Records from a data source

☆ ☆ ☆

(* Let $(\Phi,D)$ be a domain-free information algebra whose lattice $D$ has a top element. (1) $(\Phi,D)$ is continuous (resp. compact) if and only if $(\Phi,\le)$ is a continuous lattice (resp. an algebraic lattice). (2) $(\Phi,D)$ is s-continuous if and only if $(\Phi,\le)$ is a complete lattice and for all $\phi\in\Phi$ and $x\in D$, $\phi^{\Rightarrow x}=\vee\{\psi\in\Phi:\psi=\psi^{\Rightarrow x}\ll\phi\}$; and $(\Phi,D)$ is s-compact if and only if $(\Phi,\le)$ is a complete lattice and for all $\phi\in\Phi$ and $x\in D$, $\phi^{\Rightarrow x}=\vee\{\psi\in\Phi_f:\psi=\psi^{\Rightarrow x}\le\phi\}$.
   Context: A domain-free information algebra $(\Phi,D)$ consists of a set $\Phi$, a lattice $D$, a combination $\otimes:\Phi\times\Phi\to\Phi$ and a focusing $\Phi\times D\to\Phi$, $(\psi,x)\mapsto\psi^{\Rightarrow x}$, such that: (1) $\otimes$ is associative and commutative and has a neutral element $e$; (2) $(\psi^{\Rightarrow y})^{\Rightarrow x}=\psi^{\Rightarrow x\wedge y}$; (3) $(\phi^{\Rightarrow x}\otimes\psi)^{\Rightarrow x}=\phi^{\Rightarrow x}\otimes\psi^{\Rightarrow x}$; (4) for every $\psi$ there is $x\in D$ with $\psi^{\Rightarrow x}=\psi$; (5) $\psi\otimes\psi^{\Rightarrow x}=\psi$. $\Phi$ is ordered by $\psi\le\phi$ iff $\psi\otimes\phi=\phi$; suprema are with respect to this order. $a\ll b$ means: for every directed $X$ with $b\le\vee X$ there is $c\in X$ with $a\le c$; $\Phi_f=\{\phi\in\Phi:\phi\ll\phi\}$. A complete lattice $L$ is continuous if $a=\vee\{b:b\ll a\}$ for all $a$, and algebraic if $a=\vee\{b:b\ll b\le a\}$ for all $a$. $(\Phi,D)$ is called continuous (resp. s-continuous) if there is $\Gamma\subseteq\Phi$, closed under combination and containing $e$, such that (convergency) every directed $X\subseteq\Gamma$ has a supremum in $\Phi$, and (density) $\phi=\vee\{\psi\in\Gamma:\psi\ll\phi\}$ for all $\phi$ (resp. (strong density) $\phi^{\Rightarrow x}=\vee\{\psi\in\Gamma:\psi=\psi^{\Rightarrow x}\ll\phi\}$ for all $\phi,x$). It is called compact (resp. s-compact) if such a $\Gamma$ additionally satisfies (compactness): for every directed $X\subseteq\Gamma$ and $\phi\in\Gamma$ with $\phi\le\vee X$ there is $\psi\in X$ with $\phi\le\psi$. *)

From HB Require Import structures.
From mathcomp Require Import all_boot all_order.
Set Implicit Arguments. Unset Strict Implicit. Unset Printing Implicit Defensive.
Import Order.TTheory.
Local Open Scope order_scope.

Section InfoAlgebra.
Context {disp : Order.disp_t} {D : latticeType disp} {Phi : Type}.
Variables (comb : Phi -> Phi -> Phi) (e : Phi) (foc : Phi -> D -> Phi).

Record info_algebra : Prop := {
  comb_assoc : forall a b c, comb a (comb b c) = comb (comb a b) c;
  comb_comm  : forall a b, comb a b = comb b a;
  comb_neutral : forall a, comb e a = a;
  foc_foc : forall psi x y, foc (foc psi y) x = foc psi (x `&` y);
  foc_comb : forall phi psi x, foc (comb (foc phi x) psi) x = comb (foc phi x) (foc psi x);
  foc_support : forall psi, exists x, foc psi x = psi;
  foc_idem : forall psi x, comb psi (foc psi x) = psi
}.

Definition ia_le (psi phi : Phi) : Prop := comb psi phi = phi.

Definition is_sup (X : Phi -> Prop) (s : Phi) : Prop :=
  (forall a, X a -> ia_le a s) /\ (forall u, (forall a, X a -> ia_le a u) -> ia_le s u).

Definition directed (X : Phi -> Prop) : Prop :=
  (exists a, X a) /\
  (forall a b, X a -> X b -> exists c, X c /\ ia_le a c /\ ia_le b c).

Definition way_below (a b : Phi) : Prop :=
  forall X s, directed X -> is_sup X s -> ia_le b s -> exists c, X c /\ ia_le a c.

Definition finite_elt (phi : Phi) : Prop := way_below phi phi.

Definition complete_lattice : Prop := forall X : Phi -> Prop, exists s, is_sup X s.

Definition continuous_lattice : Prop :=
  complete_lattice /\ forall a, is_sup (fun b => way_below b a) a.

Definition algebraic_lattice : Prop :=
  complete_lattice /\ forall a, is_sup (fun b => way_below b b /\ ia_le b a) a.

Definition gamma_ok (G : Phi -> Prop) : Prop :=
  G e /\ (forall a b, G a -> G b -> G (comb a b)).

Definition convergency (G : Phi -> Prop) : Prop :=
  forall X, (forall a, X a -> G a) -> directed X -> exists s, is_sup X s.

Definition density (G : Phi -> Prop) : Prop :=
  forall phi, is_sup (fun psi => G psi /\ way_below psi phi) phi.

Definition strong_density (G : Phi -> Prop) : Prop :=
  forall phi x, is_sup (fun psi => G psi /\ psi = foc psi x /\ way_below psi phi) (foc phi x).

Definition compactness (G : Phi -> Prop) : Prop :=
  forall X s phi, (forall a, X a -> G a) -> directed X -> is_sup X s ->
    G phi -> ia_le phi s -> exists psi, X psi /\ ia_le phi psi.

Definition ia_continuous : Prop :=
  exists G, gamma_ok G /\ convergency G /\ density G.
Definition ia_s_continuous : Prop :=
  exists G, gamma_ok G /\ convergency G /\ strong_density G.
Definition ia_compact : Prop :=
  exists G, gamma_ok G /\ convergency G /\ density G /\ compactness G.
Definition ia_s_compact : Prop :=
  exists G, gamma_ok G /\ convergency G /\ strong_density G /\ compactness G.

End InfoAlgebra.

(* The order [psi <= phi <-> psi (x) phi = phi] makes [Phi] a join-semilattice with
   bottom [e] and join [comb].  If [Gamma] is dense, an element is the least upper bound
   of the [Gamma]-elements way below it; so for an arbitrary family [X], the
   [Gamma]-elements lying below every upper bound of [X] form a directed set (as [Gamma]
   is closed under combination) whose supremum, given by convergency, is the supremum of
   [X]: the algebra is a complete lattice.  If moreover [Gamma] is compact, each
   [g] in [Gamma] is finite: for directed [X] with [g <= \/X], the [Gamma]-elements below
   some member of [X] form a directed set whose supremum dominates [\/X], and compactness
   puts [g] below one of them.  Conversely, for a continuous (resp. algebraic) lattice
   one takes [Gamma = Phi] (resp. the finite elements).  Since [D] has a top,
   [phi^{=> top} = phi], so strong density implies density and the s-variants follow
   the same pattern. *)
From mathcomp Require Import all_boot all_order.
Set Implicit Arguments. Unset Strict Implicit.
Import Order.TTheory.
Local Open Scope order_scope.

Lemma is_sup_ext {Phi : Type} (comb : Phi -> Phi -> Phi) (X Y : Phi -> Prop) s :
  (forall a, X a <-> Y a) -> is_sup comb X s -> is_sup comb Y s.
Proof.
move=> XY [ub least]; split=> [a /XY|u uY]; first exact: ub.
by apply: least => a /XY; apply: uY.
Qed.

Definition dense_below {Phi : Type} (comb : Phi -> Phi -> Phi) (G : Phi -> Prop) : Prop :=
  forall a u, (forall g, G g -> way_below comb g a -> ia_le comb g u) -> ia_le comb a u.

Lemma density_dense_below {Phi : Type} (comb : Phi -> Phi -> Phi) G :
  density comb G -> dense_below comb G.
Proof. by move=> dens a u ub; apply: (proj2 (dens a)) => g []; apply: ub. Qed.

Section InfoAlgebraOrder.
Context {disp : Order.disp_t} {D : latticeType disp} {Phi : Type}.
Variables (comb : Phi -> Phi -> Phi) (e : Phi) (foc : Phi -> D -> Phi).
Hypothesis ia : info_algebra comb e foc.

Local Notation "a <=I b" := (ia_le comb a b) (at level 70).

Lemma ia_le_refl a : a <=I a.
Proof. by have [x fx] := foc_support ia a; rewrite /ia_le -{2}fx (foc_idem ia). Qed.

Lemma ia_le_trans a b c : a <=I b -> b <=I c -> a <=I c.
Proof. by rewrite /ia_le => ab <-; rewrite (comb_assoc ia) ab. Qed.

Lemma ia_e_le a : e <=I a.
Proof. exact: comb_neutral ia a. Qed.

Lemma ia_le_combl a b : a <=I comb a b.
Proof. by rewrite /ia_le (comb_assoc ia) ia_le_refl. Qed.

Lemma ia_le_combr a b : b <=I comb a b.
Proof. by rewrite (comb_comm ia); apply: ia_le_combl. Qed.

Lemma ia_comb_lub a b c : a <=I c -> b <=I c -> comb a b <=I c.
Proof. by rewrite /ia_le => ac bc; rewrite -(comb_assoc ia) bc. Qed.

Lemma ia_foc_le a x : foc a x <=I a.
Proof. by rewrite /ia_le (comb_comm ia) (foc_idem ia). Qed.

Lemma ia_foc_le_mono {x} a b : a <=I b -> foc a x <=I foc b x.
Proof.
move=> ab; rewrite /ia_le -(foc_comb ia).
by rewrite (ia_le_trans (ia_foc_le a x) ab).
Qed.

Lemma way_below_le a b : way_below comb a b -> a <=I b.
Proof.
move=> ab; have dB : directed comb (fun c => c = b).
  split=> [|_ _ -> ->]; first by exists b.
  by exists b; do !split; apply: ia_le_refl.
have sB : is_sup comb (fun c => c = b) b.
  by split=> [_ ->|u ub]; [apply: ia_le_refl | apply: ub].
by have [_ [-> //]] := ab _ _ dB sB (ia_le_refl b).
Qed.

Lemma finite_way_below a b : finite_elt comb a -> a <=I b -> way_below comb a b.
Proof. by move=> fa ab X s dX sX bs; apply: fa dX sX (ia_le_trans ab bs). Qed.

Lemma finite_gamma_ok : gamma_ok comb e (finite_elt comb).
Proof.
split=> [X s [[c Xc] _] _ _|a b fa fb X s dX sX abs]; first by exists c; split; last exact: ia_e_le.
have [c1 [Xc1 ac1]] := fa X s dX sX (ia_le_trans (ia_le_combl a b) abs).
have [c2 [Xc2 bc2]] := fb X s dX sX (ia_le_trans (ia_le_combr a b) abs).
have [c [Xc [c1c c2c]]] := proj2 dX c1 c2 Xc1 Xc2.
exists c; split=> //.
by apply: ia_comb_lub; [exact: ia_le_trans ac1 c1c | exact: ia_le_trans bc2 c2c].
Qed.

Lemma directed_gamma_below (G : Phi -> Prop) (P : Phi -> Prop) :
  gamma_ok comb e G -> P e -> (forall a b, P a -> P b -> P (comb a b)) ->
  directed comb (fun g => G g /\ P g).
Proof.
move=> [Ge Gcomb] Pe Pcomb; split; first by exists e.
move=> a b [Ga Pa] [Gb Pb]; exists (comb a b).
by do !split; [apply: Gcomb | apply: Pcomb | apply: ia_le_combl | apply: ia_le_combr].
Qed.

Section DenseGamma.
Variable G : Phi -> Prop.
Hypotheses (G_ok : gamma_ok comb e G) (G_conv : convergency comb G)
           (G_dense : dense_below comb G).

Lemma complete_of_dense : complete_lattice comb.
Proof.
move=> X.
pose below_ubs g := forall u, (forall a, X a -> a <=I u) -> g <=I u.
have dY : directed comb (fun g => G g /\ below_ubs g).
  apply: directed_gamma_below => // [u _|a b ha hb u ub]; first exact: ia_e_le.
  by apply: ia_comb_lub; [apply: ha | apply: hb].
have [s [ub least]] := G_conv (fun a (Ya : G a /\ below_ubs a) => proj1 Ya) dY.
exists s; split=> [a Xa|u uX]; last by apply: least => g [_]; apply.
apply: G_dense => g Gg ga; apply: ub; split=> // u uX.
exact: ia_le_trans (way_below_le ga) (uX a Xa).
Qed.

Hypothesis G_compact : compactness comb G.

Lemma gamma_finite g : G g -> finite_elt comb g.
Proof.
move=> Gg X s dX [ubX leastX] gs.
pose below_X h := exists c, X c /\ h <=I c.
have dY : directed comb (fun h => G h /\ below_X h).
  apply: directed_gamma_below => // [|a b [c1 [Xc1 ac1]] [c2 [Xc2 bc2]]].
    by have [c Xc] := proj1 dX; exists c; split; last exact: ia_e_le.
  have [c [Xc [c1c c2c]]] := proj2 dX c1 c2 Xc1 Xc2; exists c; split=> //.
  by apply: ia_comb_lub; [exact: ia_le_trans ac1 c1c | exact: ia_le_trans bc2 c2c].
have [t supt] := G_conv (fun a (Ya : G a /\ below_X a) => proj1 Ya) dY.
have st : s <=I t.
  apply: leastX => c Xc; apply: G_dense => h Gh hc; apply: (proj1 supt); split=> //.
  by exists c; split=> //; apply: way_below_le.
have [h [[_ [c [Xc hc]]] gh]] :=
  G_compact (fun a (Ya : G a /\ below_X a) => proj1 Ya) dY supt Gg (ia_le_trans gs st).
by exists c; split=> //; apply: ia_le_trans hc.
Qed.

End DenseGamma.

Lemma ia_continuousP : ia_continuous comb e <-> continuous_lattice comb.
Proof.
split=> [[G [G_ok [G_conv dens]]]|[compl cont]].
  split; first exact: complete_of_dense G_ok G_conv (density_dense_below dens).
  move=> a; split=> [b|u ub]; first exact: way_below_le.
  by apply: (proj2 (dens a)) => g [_]; apply: ub.
exists (fun _ => True); split; first by split.
split=> [X _ _|a]; first exact: compl.
by apply: is_sup_ext _ (cont a) => b; tauto.
Qed.

Lemma ia_compactP : ia_compact comb e <-> algebraic_lattice comb.
Proof.
split=> [[G [G_ok [G_conv [dens G_comp]]]]|[compl alg]].
  have G_dense := density_dense_below dens.
  split; first exact: complete_of_dense G_ok G_conv G_dense.
  move=> a; split=> [b []//|u ub].
  apply: (proj2 (dens a)) => g [Gg ga]; apply: ub; split.
    exact: (gamma_finite G_ok G_conv G_dense G_comp Gg).
  exact: way_below_le.
exists (finite_elt comb); split; first exact: finite_gamma_ok.
split; first by move=> X _ _; apply: compl.
split=> [a|X s g _ dX sX fg gs]; last exact: fg dX sX gs.
split=> [g [_ ga]|u ub]; first exact: way_below_le.
by apply: (proj2 (alg a)) => b [fb ba]; apply: ub; split; last exact: finite_way_below.
Qed.

End InfoAlgebraOrder.

Section TopFocus.
Context {disp : Order.disp_t} {D : tLatticeType disp} {Phi : Type}.
Variables (comb : Phi -> Phi -> Phi) (e : Phi) (foc : Phi -> D -> Phi).
Hypothesis ia : info_algebra comb e foc.

Lemma foc_top a : foc a \top = a.
Proof. by have [x fx] := foc_support ia a; rewrite -fx (foc_foc ia) meet1x. Qed.

Lemma strong_density_dense_below G : strong_density comb foc G -> dense_below comb G.
Proof.
move=> dens a u ub; rewrite -(foc_top a).
by apply: (proj2 (dens a \top)) => g [Gg [_]]; apply: ub.
Qed.

Lemma ia_s_continuousP :
  ia_s_continuous comb e foc <->
  complete_lattice comb /\
  forall phi x, is_sup comb (fun psi => psi = foc psi x /\ way_below comb psi phi) (foc phi x).
Proof.
split=> [[G [G_ok [G_conv dens]]]|[compl dens]].
  split; first exact: (complete_of_dense ia G_ok G_conv (strong_density_dense_below dens)).
  move=> phi x; split=> [psi [psi_x psi_phi]|u ub].
    by rewrite psi_x; exact: (ia_foc_le_mono ia (way_below_le ia psi_phi)).
  by apply: (proj2 (dens phi x)) => g [_]; apply: ub.
exists (fun _ => True); split; first by split.
split=> [X _ _|phi x]; first exact: compl.
by apply: is_sup_ext _ (dens phi x) => b; tauto.
Qed.

Lemma ia_s_compactP :
  ia_s_compact comb e foc <->
  complete_lattice comb /\
  forall phi x, is_sup comb
    (fun psi => finite_elt comb psi /\ psi = foc psi x /\ ia_le comb psi phi) (foc phi x).
Proof.
split=> [[G [G_ok [G_conv [dens G_comp]]]]|[compl dens]].
  have G_dense := strong_density_dense_below dens.
  split; first exact: (complete_of_dense ia G_ok G_conv G_dense).
  move=> phi x; split=> [psi [_ [psi_x psi_phi]]|u ub].
    by rewrite psi_x; exact: (ia_foc_le_mono ia psi_phi).
  apply: (proj2 (dens phi x)) => g [Gg [gx g_phi]]; apply: ub; split.
    exact: (gamma_finite ia G_ok G_conv G_dense G_comp Gg).
  by split; last exact: (way_below_le ia g_phi).
exists (finite_elt comb); split; first exact: (finite_gamma_ok ia).
split; first by move=> X _ _; apply: compl.
split=> [phi x|X s g _ dX sX fg gs]; last exact: fg dX sX gs.
split=> [g [_ [g_x g_phi]]|u ub].
  by rewrite g_x; exact: (ia_foc_le_mono ia (way_below_le ia g_phi)).
apply: (proj2 (dens phi x)) => b [fb [bx b_phi]]; apply: ub.
by split=> //; split; last exact: (finite_way_below ia fb b_phi).
Qed.

End TopFocus.

Theorem theorem3p8 (disp : Order.disp_t) (D : tLatticeType disp) (Phi : Type)
  (comb : Phi -> Phi -> Phi) (e : Phi) (foc : Phi -> D -> Phi) :
  info_algebra comb e foc ->
  ((ia_continuous comb e <-> continuous_lattice comb) /\
   (ia_compact comb e <-> algebraic_lattice comb)) /\
  ((ia_s_continuous comb e foc <->
      complete_lattice comb /\
      forall (phi : Phi) (x : D),
        is_sup comb (fun psi => psi = foc psi x /\ way_below comb psi phi) (foc phi x)) /\
   (ia_s_compact comb e foc <->
      complete_lattice comb /\
      forall (phi : Phi) (x : D),
        is_sup comb (fun psi => finite_elt comb psi /\ psi = foc psi x /\ ia_le comb psi phi)
          (foc phi x))).
Proof.
move=> ia; split; split.
- exact: ia_continuousP ia.
- exact: ia_compactP ia.
- exact: ia_s_continuousP ia.
- exact: ia_s_compactP ia.
Qed.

☆ ☆ ☆

- GOAL OF THE EXERCISE
As the answer, set down only the lines from the data above between the one holding "(forall a, X a -> ia_le a s)" and the one holding "exists G, gamma_ok G /\ convergency G /\ density G.", inclusive, exactly as they read.

- RESULT OF THE EXERCISE
  (forall a, X a -> ia_le a s) /\ (forall u, (forall a, X a -> ia_le a u) -> ia_le s u).

Definition directed (X : Phi -> Prop) : Prop :=
  (exists a, X a) /\
  (forall a b, X a -> X b -> exists c, X c /\ ia_le a c /\ ia_le b c).

Definition way_below (a b : Phi) : Prop :=
  forall X s, directed X -> is_sup X s -> ia_le b s -> exists c, X c /\ ia_le a c.

Definition finite_elt (phi : Phi) : Prop := way_below phi phi.

Definition complete_lattice : Prop := forall X : Phi -> Prop, exists s, is_sup X s.

Definition continuous_lattice : Prop :=
  complete_lattice /\ forall a, is_sup (fun b => way_below b a) a.

Definition algebraic_lattice : Prop :=
  complete_lattice /\ forall a, is_sup (fun b => way_below b b /\ ia_le b a) a.

Definition gamma_ok (G : Phi -> Prop) : Prop :=
  G e /\ (forall a b, G a -> G b -> G (comb a b)).

Definition convergency (G : Phi -> Prop) : Prop :=
  forall X, (forall a, X a -> G a) -> directed X -> exists s, is_sup X s.

Definition density (G : Phi -> Prop) : Prop :=
  forall phi, is_sup (fun psi => G psi /\ way_below psi phi) phi.

Definition strong_density (G : Phi -> Prop) : Prop :=
  forall phi x, is_sup (fun psi => G psi /\ psi = foc psi x /\ way_below psi phi) (foc phi x).

Definition compactness (G : Phi -> Prop) : Prop :=
  forall X s phi, (forall a, X a -> G a) -> directed X -> is_sup X s ->
    G phi -> ia_le phi s -> exists psi, X psi /\ ia_le phi psi.

Definition ia_continuous : Prop :=
  exists G, gamma_ok G /\ convergency G /\ density G.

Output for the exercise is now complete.